## ACTION ITEM
The listing below contains a span that opens with the line containing "proof (Rabs_maj2 (f" and closes with the line containing "apply is_lim_minus'; auto.". Return that span exactly.
····················
Lemma ex_lim_RInt_nonneg_bounded (h : R -> R) t B :
  cont_nonneg h -> (forall u, 0 <= u -> 0 <= h u) -> 0 <= t ->
  (forall x, t <= x -> RInt h t x <= B) ->
  exists l, is_lim (fun x => RInt h t x) p_infty (Finite l).
Proof.
  intros Hh Hp Ht HB. apply (is_lim_p_infty_incr_bounded _ t B); auto.
  intros; apply RInt_incr_upper; auto.
Qed.

(* Absolute convergence: f is the difference of the nonnegative functions |f| + f and |f|. *)
Lemma has_iint_abs_le f t B :
  cont_nonneg f -> 0 <= t -> (forall x, t <= x -> RInt (fun u => Rabs (f u)) t x <= B) ->
  has_iint f t /\ Rabs (iint f t) <= B.
Proof.
  intros Hf Ht HB.
  destruct (ex_lim_RInt_nonneg_bounded (fun u => Rabs (f u)) t B) as [l1 Hl1];
    auto with cont_nonneg.
  { intros; apply Rabs_pos. }
  destruct (ex_lim_RInt_nonneg_bounded (fun u => Rabs (f u) + f u) t (2 * B)) as [l2 Hl2];
    auto with cont_nonneg.
  { intros u _. pose proof (Rabs_maj2 (f u)). lra. }
  { intros x Hx. specialize (HB x Hx).
    apply Rle_trans with (RInt (fun u => 2 * Rabs (f u)) t x).
    - apply RInt_le; try lra; try (apply ex_RInt_cont_nonneg; auto 20 with cont_nonneg; lra).
      intros u _. pose proof (Rle_abs (f u)). lra.
    - rewrite RInt_scalR by (apply ex_RInt_cont_nonneg; auto with cont_nonneg; lra). lra. }
  assert (Hlim : is_lim (fun x => RInt f t x) p_infty (Finite (l2 - l1))).
  { apply is_lim_ext_loc
      with (fun x => RInt (fun u => Rabs (f u) + f u) t x - RInt (fun u => Rabs (f u)) t x).
    { exists t. intros x Hx.
      rewrite <- RInt_minusR by (apply ex_RInt_cont_nonneg; auto with cont_nonneg; lra).
      apply RInt_ext. intros u _. change (Rabs (f u) + f u - Rabs (f u) = f u). ring. }
    apply is_lim_minus'; auto. }
  split; [exists (l2 - l1); exact Hlim|].
  rewrite (iint_eq _ _ _ Hlim). apply Rabs_le. split.
  - apply (is_lim_p_infty_le (fun _ => - B) (fun x => RInt f t x) _ _ t); auto using is_lim_const.
    intros x Hx. specialize (HB x Hx).
    pose proof (abs_RInt_le f t x Hx (ex_RInt_cont_nonneg f Hf t x Ht ltac:(lra))).
    pose proof (Rabs_maj2 (RInt f t x)). lra.
  - apply (is_lim_p_infty_le (fun x => RInt f t x) (fun _ => B) _ _ t); auto using is_lim_const.
    intros x Hx. specialize (HB x Hx).
    pose proof (abs_RInt_le f t x Hx (ex_RInt_cont_nonneg f Hf t x Ht ltac:(lra))).
    pose proof (Rle_abs (RInt f t x)). lra.
Qed.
····················
## TASK SOLUTION
  { intros u _. pose proof (Rabs_maj2 (f u)). lra. }
  { intros x Hx. specialize (HB x Hx).
    apply Rle_trans with (RInt (fun u => 2 * Rabs (f u)) t x).
    - apply RInt_le; try lra; try (apply ex_RInt_cont_nonneg; auto 20 with cont_nonneg; lra).
      intros u _. pose proof (Rle_abs (f u)). lra.
    - rewrite RInt_scalR by (apply ex_RInt_cont_nonneg; auto with cont_nonneg; lra). lra. }
  assert (Hlim : is_lim (fun x => RInt f t x) p_infty (Finite (l2 - l1))).
  { apply is_lim_ext_loc
      with (fun x => RInt (fun u => Rabs (f u) + f u) t x - RInt (fun u => Rabs (f u)) t x).
    { exists t. intros x Hx.
      rewrite <- RInt_minusR by (apply ex_RInt_cont_nonneg; auto with cont_nonneg; lra).
      apply RInt_ext. intros u _. change (Rabs (f u) + f u - Rabs (f u) = f u). ring. }
    apply is_lim_minus'; auto. }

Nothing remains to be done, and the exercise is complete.